I know repentant tears ensue the deed,

Reproach, disdain, and deadly enmity;

Yet strive I to embrace mine infamy.'

This said, he shakes aloft his Roman blade,

Which, like a falcon towering in the skies,

Coucheth the fowl below with his wings' shade,

Whose crooked beak threats if he mount he dies:

So under his insulting falchion lies

Harmless Lucretia, marking what he tells

With trembling fear, as fowl hear falcon's bells.

'Lucrece,' quoth he,'this night I must enjoy thee:

If thou deny, then force must work my way,

For in thy bed I purpose to destroy thee:

That done, some worthless slave of thine I'll slay,

To kill thine honour with thy life's decay;

And in thy dead arms do I mean to place him,

Swearing I slew him, seeing thee embrace him.

“Nel profondo dell’anima ho discusso

che torto, onta e dolore seguiranno;

ma nulla può frenare il desiderio,

fermar la corsa della furia cieca.

So che verranno pentimento, pianto,

biasimo, sdegno, mortale inimicizia;

ma ad abbracciar l’infamia mia m’affretto”.

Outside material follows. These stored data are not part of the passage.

End ZXYBasis.

Section LieBracket.
Variables (R : nzRingType) (L : lmodType R) (br : L -> L -> L).
Hypothesis hbr : lie_bracket br.

Lemma lie_brDl u v w : br (u + v) w = br u w + br v w.
Proof. by case: hbr => h _ _ _; rewrite -{1}[u]scale1r h scale1r. Qed.

Lemma lie_br0l w : br 0 w = 0.
Proof. by apply: (@addrI _ (br 0 w)); rewrite -lie_brDl !addr0. Qed.

Lemma lie_brZl a u w : br (a *: u) w = a *: br u w.
Proof. by case: hbr => h _ _ _; have := h a u 0 w; rewrite addr0 lie_br0l addr0. Qed.

Lemma lie_brDr u v w : br w (u + v) = br w u + br w v.
Proof. by case: hbr => _ h _ _; rewrite -{1}[u]scale1r h scale1r. Qed.

Lemma lie_br0r w : br w 0 = 0.
Proof. by apply: (@addrI _ (br w 0)); rewrite -lie_brDr !addr0. Qed.

Lemma lie_brZr a u w : br w (a *: u) = a *: br w u.
Proof. by case: hbr => _ h _ _; have := h a w u 0; rewrite addr0 lie_br0r addr0. Qed.

Lemma lie_br_suml I (s : seq I) P (F : I -> L) w :
  br (\sum_(i <- s | P i) F i) w = \sum_(i <- s | P i) br (F i) w.
Proof. by elim/big_rec2: _ => [|i a b _ <-]; rewrite ?lie_br0l ?lie_brDl. Qed.

Lemma lie_br_sumr I (s : seq I) P (F : I -> L) w :
  br w (\sum_(i <- s | P i) F i) = \sum_(i <- s | P i) br w (F i).
Proof. by elim/big_rec2: _ => [|i a b _ <-]; rewrite ?lie_br0r ?lie_brDr. Qed.

Section ZXYBracket.
Variables (r m : nat) (z : 'I_r -> L) (x y : 'I_m -> L) (lam : 'I_r -> 'I_m -> R).
Hypothesis hzz : forall i i', br (z i) (z i') = 0.
Hypothesis hzx : forall i j, [/\ br (z i) (x j) = 0, br (x j) (z i) = 0,
                                 br (z i) (y j) = 0 & br (y j) (z i) = 0].
Hypothesis hxx : forall j j', br (x j) (x j') = 0 /\ br (y j) (y j') = 0.
Hypothesis hxy : forall j j', br (x j) (y j')
                             = if j == j' then \sum_(i < r) lam i j *: z i else 0.
Hypothesis hyx : forall j j', br (y j') (x j)
                             = if j == j' then - \sum_(i < r) lam i j *: z i else 0.

Let Z j := \sum_(i < r) lam i j *: z i.

Lemma sum_scale_delta (c : 'I_m -> R) (F : 'I_m -> L) l :
  \sum_j c j *: (if l == j then F l else 0) = c l *: F l.
Proof.
rewrite (bigD1 l) //= eqxx big1 ?addr0 // => j /negPf.
by rewrite eq_sym => ->; rewrite scaler0.
Qed.

Lemma lie_br_zxy_comb a b c a' b' c' :
  br (zxy_comb z x y a b c) (zxy_comb z x y a' b' c') =
  \sum_j (b j * c' j - c j * b' j) *: Z j.
Proof.
set w := zxy_comb z x y a' b' c'.
have br_z i : br (z i) w = 0.
  rewrite /w /zxy_comb !lie_brDr !lie_br_sumr !big1 ?addr0 // => j _;
    rewrite lie_brZr; first [rewrite hzz | case: (hzx i j) => -> _ _ _
                                         | case: (hzx i j) => _ _ -> _]; exact: scaler0.
have br_x j : br (x j) w = c' j *: Z j.
  rewrite /w /zxy_comb !lie_brDr !lie_br_sumr.
  rewrite big1 ?add0r => [|i _]; last first.
    by rewrite lie_brZr; case: (hzx i j) => _ -> _ _; rewrite scaler0.
  rewrite big1 ?add0r => [|i _]; last by rewrite lie_brZr (hxx j i).1 scaler0.
  by under eq_bigr do rewrite lie_brZr hxy; exact: (sum_scale_delta c' Z j).
have br_y j : br (y j) w = - (b' j *: Z j).
  rewrite /w /zxy_comb !lie_brDr !lie_br_sumr big1 ?add0r => [|i _]; last first.
    by rewrite lie_brZr; case: (hzx i j) => _ _ _ ->; rewrite scaler0.
  rewrite [X in _ + X]big1 ?addr0 => [|i _]; last by rewrite lie_brZr (hxx j i).2 scaler0.
  under eq_bigr do rewrite lie_brZr hyx.
  rewrite -scalerN -(sum_scale_delta b' (fun l => - Z l) j); apply: eq_bigr => l _.
  by rewrite eq_sym; case: eqP => [->|].
rewrite {1}/zxy_comb !lie_brDl !lie_br_suml big1 ?add0r => [|i _]; last first.
  by rewrite lie_brZl br_z scaler0.
rewrite -big_split; apply: eq_bigr => j _ /=.
by rewrite !lie_brZl br_x br_y scalerN !scalerA scalerBl.
Qed.

End ZXYBracket.
End LieBracket.

Definition knil_abelian_basis (R : realType) (L : vectType R) (br : L -> L -> L)
    r m (z : 'I_r -> L) (x y : 'I_m -> L) (lam : 'I_r -> 'I_m -> R) :=
  [/\ basis_of fullv (zxy z x y),
      [/\ (forall i i', br (z i) (z i') = 0),
          (forall i j, [/\ br (z i) (x j) = 0, br (x j) (z i) = 0,
                           br (z i) (y j) = 0 & br (y j) (z i) = 0]) &
          (forall j j', br (x j) (x j') = 0 /\ br (y j) (y j') = 0)],
      (forall j j', br (x j) (y j')
                    = if j == j' then \sum_(i < r) lam i j *: z i else 0),
      (forall j j', br (y j') (x j)
                    = if j == j' then - \sum_(i < r) lam i j *: z i else 0) &
      (forall j, exists i, lam i j != 0)].

Section Forward.
Variables (R : realType) (p q : nat) (brk : 'rV[R]_p -> 'rV[R]_p -> 'rV[R]_p).
Variables (gk : 'rV[R]_p -> 'rV[R]_p -> R) (I : 'M[R]_q).
Variables (gV : 'rV[R]_q -> 'rV[R]_q -> R) (phi : 'rV[R]_p -> 'M[R]_q).
Variables (beta : 'rV[R]_q -> 'rV[R]_q -> 'rV[R]_p).
Hypothesis hd : knil_data brk gk I gV phi beta.
Hypothesis k_abelian : forall K1 K2, brk K1 K2 = 0.

Lemma knil_gk : euclidean_product gk. Proof. by case: hd => [[_ h _] _ _ _ _]. Qed.
Lemma knil_gV : euclidean_product gV. Proof. by case: hd => [_ [_ h _] _ _ _]. Qed.
Lemma knil_II : I *m I = - 1%:M. Proof. by case: hd => [_ [h _ _] _ _ _]. Qed.

Lemma knil_gV_I v w : gV (v *m I) (w *m I) = gV v w.
Proof. by case: hd => [_ [_ _ h] _ _ _]. Qed.

Lemma knil_phiI K : phi K *m I = I *m phi K.
Proof. by case: hd => [_ _ [_ _ h _] _ _]. Qed.

Lemma knil_beta v1 v2 K : gk (beta v1 v2) K = gV (v1 *m phi K) v2.
Proof. by case: hd => [_ _ _ _ h]. Qed.

Lemma knil_phi_sum K : phi K = \sum_i K 0 i *: phi 'e_i.
Proof. by have [_ _ [phiP _ _ _] _ _] := hd; apply: linear_row_sum. Qed.

Lemma knil_phiC K L : phi K *m phi L = phi L *m phi K.
Proof.
have [_ _ [_ phi_br _ _] _ _] := hd.
apply/row_matrixP => i; rewrite !rowE !mulmxA.
have := phi_br L K 'e_i; rewrite k_abelian knil_phi_sum.
rewrite big1 => [|j _]; last by rewrite mxE scale0r.
by rewrite mulmx0 => /eqP; rewrite eq_sym subr_eq0 => /eqP.
Qed.

Lemma knil_phi_skew K v w : gV (v *m phi K) w = - gV v (w *m phi K).
Proof. by case: hd => [_ _ [_ _ _ h] _ _]; apply/eqP; rewrite -addr_eq0 h. Qed.

Lemma knil_I_skew v w : gV (v *m I) w = - gV v (w *m I).
Proof.
rewrite -[in LHS](knil_gV_I (v *m I) w) -mulmxA knil_II mulmxN mulmx1.
exact: epNl knil_gV _ _.
Qed.

Lemma knil_beta_eq0 b : (forall K, gk b K = 0) -> b = 0.
Proof. exact: ep_nondegenerate knil_gk b. Qed.

Lemma knil_betaC v w : beta w v = - beta v w.
Proof.
apply/eqP; rewrite -addr_eq0; apply/eqP/knil_beta_eq0 => K.
by rewrite (epDl knil_gk) !knil_beta knil_phi_skew (epC knil_gV w) addNr.
Qed.

Lemma knil_beta0l w : beta 0 w = 0.
Proof. by apply: knil_beta_eq0 => K; rewrite knil_beta mul0mx (ep0l knil_gV). Qed.

Lemma knil_beta0r w : beta w 0 = 0.
Proof. by rewrite knil_betaC knil_beta0l oppr0. Qed.

Lemma weight_vector_I (u : 'rV_q) a K :
  u *m phi K = a *: (u *m I) -> u *m I *m phi K = - a *: u.
Proof.
move=> uK; rewrite -mulmxA -knil_phiI mulmxA uK -scalemxAl -mulmxA knil_II.
by rewrite mulmxN mulmx1 scalerN scaleNr.
Qed.

Definition gram n (f : 'I_n -> 'rV[R]_q) : 'M[R]_(q, n) := \matrix_(k, j) gV 'e_k (f j).

Lemma mulmx_gram n (f : 'I_n -> 'rV_q) u : u *m gram f = \row_j gV u (f j).
Proof.
apply/rowP => j; rewrite !mxE [in RHS](row_sum_delta u) (ep_suml knil_gV).
by apply: eq_bigr => k _; rewrite mxE (epZl knil_gV).
Qed.

Lemma knil_phiI_mul K L : (phi K *m I) *m (phi L *m I) = phi K *m phi L *m (I *m I).
Proof. by rewrite mulmxA -(mulmxA (phi K)) -knil_phiI !mulmxA. Qed.

Lemma knil_phiI_selfadjoint K : selfadjoint gV (phi K *m I).
Proof.
move=> v w; rewrite mulmxA knil_I_skew knil_phi_skew opprK.
by rewrite -!mulmxA knil_phiI.
Qed.

Lemma exists_weight_vector (W : 'M_q) :
  W != 0 -> (forall K, stablemx W (phi K *m I)) ->
  exists u, [/\ (u <= W)%MS, gV u u = 1 &
                forall K, exists a, u *m phi K = a *: (u *m I)].
Proof.
move=> W0 W_stable.
pose Ss := [seq phi 'e_i *m I | i <- enum 'I_p].
have [||| u [uW u0 u_eigen]] := common_real_eigenvector knil_gV W0 (Ss := Ss).
- by apply/allP => _ /mapP[i _ ->].
- by move=> _ _ /mapP[i _ ->] /mapP[j _ ->]; rewrite /comm_mx !knil_phiI_mul knil_phiC.
- by move=> _ /mapP[i _ ->]; exact: knil_phiI_selfadjoint.
have weight_e i : exists a, u *m phi 'e_i = a *: (u *m I).
  have [c uS] := u_eigen _ (map_f _ (mem_enum _ i)).
  exists (- c); rewrite scaleNr scalemxAl -uS -!mulmxA knil_II.
  by rewrite !mulmxN mulmx1 opprK.
have [a ua] := fin_all_exists weight_e.
exists ((Num.sqrt (gV u u))^-1 *: u); split.
- by rewrite scalemx_sub.
- exact: (ep_normalize knil_gV u0).
move=> K; exists (\sum_i K 0 i * a i).
rewrite -!scalemxAl scalerA mulrC -scalerA; congr (_ *: _).
rewrite knil_phi_sum mulmx_sumr scaler_suml; apply: eq_bigr => i _.
by rewrite -scalemxAr ua scalerA.
Qed.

La sua spada romana intanto leva,

che torreggiante come un falco in cielo

con ombra d’ali copre la sua preda,

e la minaccia col suo becco adunco.

Tal l’oltraggioso brando sull’inerme

Lucrezia che tremante ascolta, preda

che ha visto il falco e udito il suo sonaglio.

“Stanotte ti godrò”, dice, “Lucrezia.

Se mi resisti, userò la forza,

e ti distruggerò sopra il tuo letto;

e poi ucciderò qualche tuo schiavo,

in modo da ammazzarti e onore e vita,

lo metterò tra le tue braccia morte,

e giurerò che lì l’ho visto e ucciso.

In queste stanze ritroviamo i motivi già presenti nell’ Ad Urbe Condita di Tito Livio,

Tarquinio vittima della sua passione, della lussuria, del desiderio, prende con la forza

Lucrezia, sorprendendola nel sonno e minacciandola con la spada.

Per il disonore e la vergogna, Lucrezia, una volta confessato l’abuso subito, sguainata

la spada si suicida, abbandonando il suo corpo su di essa.

Lucrezia è la prima donna politicamente influente nell’antichità romana,

parallelamente ad Elisabetta I, the Virgin Queen, la sovrana d’Inghilterra. Donna

potente, casta, integra. A mio avviso in questi versi è ravvisabile un omaggio a sua

maestà, anche perché come sappiamo Shakespeare li compone in un periodo molto

particolare, i teatri sono chiusi a causa della peste e l’autore vuole dimostrare di non

essere solo un drammaturgo, ma di sapersi cimentare eccellentemente anche nell’arte

poetica, ritenuta superiore a quell’epoca.